Recorded data:
================

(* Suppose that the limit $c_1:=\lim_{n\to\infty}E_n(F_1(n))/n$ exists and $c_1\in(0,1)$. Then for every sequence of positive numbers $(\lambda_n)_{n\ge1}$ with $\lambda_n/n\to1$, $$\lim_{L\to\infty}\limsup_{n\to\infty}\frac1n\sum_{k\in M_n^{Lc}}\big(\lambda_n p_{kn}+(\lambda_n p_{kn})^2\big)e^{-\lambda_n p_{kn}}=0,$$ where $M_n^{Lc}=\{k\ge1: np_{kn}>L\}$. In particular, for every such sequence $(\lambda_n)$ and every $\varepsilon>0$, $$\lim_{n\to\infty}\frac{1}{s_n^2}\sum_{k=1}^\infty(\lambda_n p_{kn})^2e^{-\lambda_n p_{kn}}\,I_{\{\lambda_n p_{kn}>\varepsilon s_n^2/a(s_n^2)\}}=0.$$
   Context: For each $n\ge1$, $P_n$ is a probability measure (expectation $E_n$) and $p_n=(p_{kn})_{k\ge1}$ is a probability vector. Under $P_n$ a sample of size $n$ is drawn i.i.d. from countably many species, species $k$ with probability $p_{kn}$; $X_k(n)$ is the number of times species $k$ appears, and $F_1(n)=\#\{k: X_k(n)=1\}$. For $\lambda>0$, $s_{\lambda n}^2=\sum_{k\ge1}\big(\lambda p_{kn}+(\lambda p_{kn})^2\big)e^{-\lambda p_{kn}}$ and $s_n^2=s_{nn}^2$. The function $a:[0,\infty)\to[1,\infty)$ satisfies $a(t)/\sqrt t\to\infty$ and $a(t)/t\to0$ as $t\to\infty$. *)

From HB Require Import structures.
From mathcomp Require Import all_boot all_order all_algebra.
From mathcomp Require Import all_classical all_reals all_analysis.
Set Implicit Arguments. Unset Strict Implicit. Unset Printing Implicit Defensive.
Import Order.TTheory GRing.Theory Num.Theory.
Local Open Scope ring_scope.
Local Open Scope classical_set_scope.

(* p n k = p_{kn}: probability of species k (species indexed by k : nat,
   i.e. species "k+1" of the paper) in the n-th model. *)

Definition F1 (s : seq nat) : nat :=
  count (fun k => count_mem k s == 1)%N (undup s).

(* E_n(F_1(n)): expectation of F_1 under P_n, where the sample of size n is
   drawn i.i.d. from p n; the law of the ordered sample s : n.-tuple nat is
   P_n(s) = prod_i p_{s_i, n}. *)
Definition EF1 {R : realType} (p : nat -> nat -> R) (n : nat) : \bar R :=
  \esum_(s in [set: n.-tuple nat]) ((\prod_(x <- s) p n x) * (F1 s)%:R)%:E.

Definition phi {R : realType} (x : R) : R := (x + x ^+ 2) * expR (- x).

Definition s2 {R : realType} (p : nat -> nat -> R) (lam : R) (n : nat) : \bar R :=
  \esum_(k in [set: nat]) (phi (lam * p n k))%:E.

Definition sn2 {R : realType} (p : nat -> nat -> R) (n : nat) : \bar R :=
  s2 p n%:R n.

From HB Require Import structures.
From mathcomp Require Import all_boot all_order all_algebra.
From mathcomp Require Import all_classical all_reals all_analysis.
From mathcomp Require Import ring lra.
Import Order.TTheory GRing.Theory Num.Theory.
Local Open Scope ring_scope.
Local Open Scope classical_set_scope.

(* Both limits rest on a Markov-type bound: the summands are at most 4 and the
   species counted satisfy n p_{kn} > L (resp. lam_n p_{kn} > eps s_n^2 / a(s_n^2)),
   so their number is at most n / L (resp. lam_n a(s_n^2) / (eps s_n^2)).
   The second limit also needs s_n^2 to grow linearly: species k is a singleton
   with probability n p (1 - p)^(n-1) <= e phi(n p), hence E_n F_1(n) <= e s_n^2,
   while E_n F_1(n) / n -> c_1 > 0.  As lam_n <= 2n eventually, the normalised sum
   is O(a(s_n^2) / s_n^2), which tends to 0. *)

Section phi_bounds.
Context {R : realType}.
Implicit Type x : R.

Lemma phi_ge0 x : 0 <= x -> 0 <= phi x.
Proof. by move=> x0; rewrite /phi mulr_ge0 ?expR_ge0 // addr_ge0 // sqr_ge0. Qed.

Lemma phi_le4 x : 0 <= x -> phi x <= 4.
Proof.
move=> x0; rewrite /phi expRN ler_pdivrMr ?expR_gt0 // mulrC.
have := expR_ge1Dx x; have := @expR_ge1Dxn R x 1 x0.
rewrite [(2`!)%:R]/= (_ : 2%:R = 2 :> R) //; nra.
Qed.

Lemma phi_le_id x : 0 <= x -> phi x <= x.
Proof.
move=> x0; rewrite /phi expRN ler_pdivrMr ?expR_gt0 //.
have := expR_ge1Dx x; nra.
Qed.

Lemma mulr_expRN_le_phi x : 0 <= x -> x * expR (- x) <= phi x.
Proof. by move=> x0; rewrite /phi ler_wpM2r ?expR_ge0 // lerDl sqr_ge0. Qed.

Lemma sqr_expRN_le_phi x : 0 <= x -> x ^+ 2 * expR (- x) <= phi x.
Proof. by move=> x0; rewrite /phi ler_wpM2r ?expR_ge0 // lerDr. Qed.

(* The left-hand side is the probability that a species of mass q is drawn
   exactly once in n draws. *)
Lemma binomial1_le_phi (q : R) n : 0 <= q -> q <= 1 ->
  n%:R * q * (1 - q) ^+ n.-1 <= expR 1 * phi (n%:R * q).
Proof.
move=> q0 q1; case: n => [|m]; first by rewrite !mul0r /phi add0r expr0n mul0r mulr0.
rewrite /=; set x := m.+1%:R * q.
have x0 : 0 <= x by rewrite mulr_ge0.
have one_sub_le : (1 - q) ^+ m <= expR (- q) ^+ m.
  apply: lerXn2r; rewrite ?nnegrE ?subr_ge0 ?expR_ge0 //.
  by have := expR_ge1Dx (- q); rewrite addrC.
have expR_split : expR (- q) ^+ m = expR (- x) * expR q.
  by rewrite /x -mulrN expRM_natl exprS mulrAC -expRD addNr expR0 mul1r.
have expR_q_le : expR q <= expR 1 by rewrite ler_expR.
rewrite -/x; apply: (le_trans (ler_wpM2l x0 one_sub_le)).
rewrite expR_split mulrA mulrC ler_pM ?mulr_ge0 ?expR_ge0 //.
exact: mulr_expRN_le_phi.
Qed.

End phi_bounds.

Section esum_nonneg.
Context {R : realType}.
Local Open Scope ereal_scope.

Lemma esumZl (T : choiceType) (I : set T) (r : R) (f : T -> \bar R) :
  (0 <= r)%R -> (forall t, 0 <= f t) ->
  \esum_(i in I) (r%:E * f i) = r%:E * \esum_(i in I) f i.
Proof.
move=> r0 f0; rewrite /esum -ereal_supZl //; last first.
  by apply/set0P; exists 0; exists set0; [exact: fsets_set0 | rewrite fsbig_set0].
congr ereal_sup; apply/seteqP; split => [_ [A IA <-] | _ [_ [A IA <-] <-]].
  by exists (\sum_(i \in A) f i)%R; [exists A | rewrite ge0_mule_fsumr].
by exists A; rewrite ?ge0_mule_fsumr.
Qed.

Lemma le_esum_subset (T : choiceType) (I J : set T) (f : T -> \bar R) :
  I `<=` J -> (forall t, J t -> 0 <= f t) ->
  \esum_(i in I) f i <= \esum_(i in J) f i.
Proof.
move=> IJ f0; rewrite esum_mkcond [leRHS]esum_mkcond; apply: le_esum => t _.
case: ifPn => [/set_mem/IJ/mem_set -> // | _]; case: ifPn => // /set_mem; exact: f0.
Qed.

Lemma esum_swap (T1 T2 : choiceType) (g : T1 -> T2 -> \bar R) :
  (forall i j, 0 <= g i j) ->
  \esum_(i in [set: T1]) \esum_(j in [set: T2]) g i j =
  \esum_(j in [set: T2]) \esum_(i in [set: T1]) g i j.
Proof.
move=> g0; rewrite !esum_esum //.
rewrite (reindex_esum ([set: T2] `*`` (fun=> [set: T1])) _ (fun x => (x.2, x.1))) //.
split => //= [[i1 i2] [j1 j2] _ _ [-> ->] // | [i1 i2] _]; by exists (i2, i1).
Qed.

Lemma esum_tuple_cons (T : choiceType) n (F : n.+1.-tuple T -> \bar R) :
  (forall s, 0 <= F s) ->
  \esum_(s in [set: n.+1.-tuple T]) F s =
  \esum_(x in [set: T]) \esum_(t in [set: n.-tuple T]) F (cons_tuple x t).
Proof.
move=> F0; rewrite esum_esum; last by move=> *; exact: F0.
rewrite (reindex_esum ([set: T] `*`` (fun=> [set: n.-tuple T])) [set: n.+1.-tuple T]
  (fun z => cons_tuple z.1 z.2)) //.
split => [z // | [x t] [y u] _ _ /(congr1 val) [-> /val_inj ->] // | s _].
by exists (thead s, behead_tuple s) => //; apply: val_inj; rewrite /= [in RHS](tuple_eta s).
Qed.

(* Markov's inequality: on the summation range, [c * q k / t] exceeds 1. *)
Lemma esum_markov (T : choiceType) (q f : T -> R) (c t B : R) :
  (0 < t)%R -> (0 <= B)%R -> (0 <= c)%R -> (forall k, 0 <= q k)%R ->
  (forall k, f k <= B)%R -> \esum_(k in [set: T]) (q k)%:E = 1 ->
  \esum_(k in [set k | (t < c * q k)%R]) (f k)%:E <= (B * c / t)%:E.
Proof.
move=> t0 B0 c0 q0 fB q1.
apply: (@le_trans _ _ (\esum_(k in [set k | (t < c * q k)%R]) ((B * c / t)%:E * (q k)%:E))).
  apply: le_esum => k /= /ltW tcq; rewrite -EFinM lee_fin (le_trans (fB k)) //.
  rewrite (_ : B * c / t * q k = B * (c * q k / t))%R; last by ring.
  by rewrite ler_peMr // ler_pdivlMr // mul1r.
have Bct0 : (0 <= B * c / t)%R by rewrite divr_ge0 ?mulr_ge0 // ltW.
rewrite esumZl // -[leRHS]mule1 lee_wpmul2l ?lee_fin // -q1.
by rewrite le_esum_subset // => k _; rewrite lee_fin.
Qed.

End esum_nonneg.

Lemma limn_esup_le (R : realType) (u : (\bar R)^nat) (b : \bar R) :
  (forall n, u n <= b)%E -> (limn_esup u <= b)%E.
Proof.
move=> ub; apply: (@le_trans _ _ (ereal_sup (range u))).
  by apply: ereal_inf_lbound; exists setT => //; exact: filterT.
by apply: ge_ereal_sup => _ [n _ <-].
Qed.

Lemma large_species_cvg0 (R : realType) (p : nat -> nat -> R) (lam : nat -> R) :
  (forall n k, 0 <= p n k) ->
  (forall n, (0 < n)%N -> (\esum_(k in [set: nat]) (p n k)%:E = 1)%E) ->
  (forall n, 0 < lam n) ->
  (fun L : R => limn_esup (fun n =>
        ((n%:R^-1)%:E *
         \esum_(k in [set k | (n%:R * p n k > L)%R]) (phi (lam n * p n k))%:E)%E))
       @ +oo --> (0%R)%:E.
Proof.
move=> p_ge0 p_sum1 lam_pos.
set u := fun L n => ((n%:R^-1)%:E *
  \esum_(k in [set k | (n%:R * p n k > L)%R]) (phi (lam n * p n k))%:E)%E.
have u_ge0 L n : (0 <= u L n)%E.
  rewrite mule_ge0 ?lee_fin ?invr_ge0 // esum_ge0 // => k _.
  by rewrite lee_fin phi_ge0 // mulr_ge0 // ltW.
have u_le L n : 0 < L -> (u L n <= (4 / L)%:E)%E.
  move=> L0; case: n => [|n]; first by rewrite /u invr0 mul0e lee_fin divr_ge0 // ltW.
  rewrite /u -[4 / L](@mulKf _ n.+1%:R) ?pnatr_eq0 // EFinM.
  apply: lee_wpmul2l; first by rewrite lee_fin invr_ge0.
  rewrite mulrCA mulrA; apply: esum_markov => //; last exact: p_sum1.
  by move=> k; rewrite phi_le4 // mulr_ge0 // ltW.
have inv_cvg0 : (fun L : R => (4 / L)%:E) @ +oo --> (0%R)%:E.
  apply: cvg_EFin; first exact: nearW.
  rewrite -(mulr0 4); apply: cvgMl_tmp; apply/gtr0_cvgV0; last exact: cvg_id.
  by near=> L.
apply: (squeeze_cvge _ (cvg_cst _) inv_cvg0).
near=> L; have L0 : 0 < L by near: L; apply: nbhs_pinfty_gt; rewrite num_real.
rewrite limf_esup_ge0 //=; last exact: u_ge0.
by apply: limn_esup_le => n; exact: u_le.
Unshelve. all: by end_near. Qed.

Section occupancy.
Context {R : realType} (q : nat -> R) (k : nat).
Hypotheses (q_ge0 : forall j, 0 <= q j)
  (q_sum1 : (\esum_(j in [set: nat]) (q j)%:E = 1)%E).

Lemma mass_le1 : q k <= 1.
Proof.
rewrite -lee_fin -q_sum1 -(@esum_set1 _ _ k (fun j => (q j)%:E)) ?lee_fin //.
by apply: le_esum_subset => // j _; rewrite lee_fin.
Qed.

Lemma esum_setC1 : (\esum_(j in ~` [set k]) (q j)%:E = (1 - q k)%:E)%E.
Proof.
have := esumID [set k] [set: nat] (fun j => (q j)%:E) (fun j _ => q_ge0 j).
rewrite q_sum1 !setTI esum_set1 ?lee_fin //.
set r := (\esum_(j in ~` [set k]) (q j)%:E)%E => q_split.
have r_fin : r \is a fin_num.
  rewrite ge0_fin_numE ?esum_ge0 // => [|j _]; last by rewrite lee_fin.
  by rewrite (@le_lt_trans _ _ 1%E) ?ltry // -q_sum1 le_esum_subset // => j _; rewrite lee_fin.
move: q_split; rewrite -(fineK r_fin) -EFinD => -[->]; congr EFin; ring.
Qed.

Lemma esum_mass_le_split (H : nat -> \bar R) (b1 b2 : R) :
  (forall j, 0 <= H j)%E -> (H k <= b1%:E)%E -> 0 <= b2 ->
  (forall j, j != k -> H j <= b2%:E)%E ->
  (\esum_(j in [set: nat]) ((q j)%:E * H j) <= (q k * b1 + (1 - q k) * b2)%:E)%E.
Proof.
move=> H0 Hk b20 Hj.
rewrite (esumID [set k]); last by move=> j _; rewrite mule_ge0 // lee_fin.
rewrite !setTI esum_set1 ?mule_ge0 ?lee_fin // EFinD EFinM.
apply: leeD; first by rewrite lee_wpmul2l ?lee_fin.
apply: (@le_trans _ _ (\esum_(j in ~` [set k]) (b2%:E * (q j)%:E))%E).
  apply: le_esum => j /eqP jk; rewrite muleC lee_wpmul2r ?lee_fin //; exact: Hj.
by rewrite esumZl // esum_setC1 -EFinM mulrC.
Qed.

================

Using the records above, copy word for word the line with "2 :> R) //; nra.", the line with "by have := expR_ge1Dx (- q); rewrite addrC.", and every line between them.

> **Task solution**
rewrite [(2`!)%:R]/= (_ : 2%:R = 2 :> R) //; nra.
Qed.

Lemma phi_le_id x : 0 <= x -> phi x <= x.
Proof.
move=> x0; rewrite /phi expRN ler_pdivrMr ?expR_gt0 //.
have := expR_ge1Dx x; nra.
Qed.

Lemma mulr_expRN_le_phi x : 0 <= x -> x * expR (- x) <= phi x.
Proof. by move=> x0; rewrite /phi ler_wpM2r ?expR_ge0 // lerDl sqr_ge0. Qed.

Lemma sqr_expRN_le_phi x : 0 <= x -> x ^+ 2 * expR (- x) <= phi x.
Proof. by move=> x0; rewrite /phi ler_wpM2r ?expR_ge0 // lerDr. Qed.

(* The left-hand side is the probability that a species of mass q is drawn
   exactly once in n draws. *)
Lemma binomial1_le_phi (q : R) n : 0 <= q -> q <= 1 ->
  n%:R * q * (1 - q) ^+ n.-1 <= expR 1 * phi (n%:R * q).
Proof.
move=> q0 q1; case: n => [|m]; first by rewrite !mul0r /phi add0r expr0n mul0r mulr0.
rewrite /=; set x := m.+1%:R * q.
have x0 : 0 <= x by rewrite mulr_ge0.
have one_sub_le : (1 - q) ^+ m <= expR (- q) ^+ m.
  apply: lerXn2r; rewrite ?nnegrE ?subr_ge0 ?expR_ge0 //.
  by have := expR_ge1Dx (- q); rewrite addrC.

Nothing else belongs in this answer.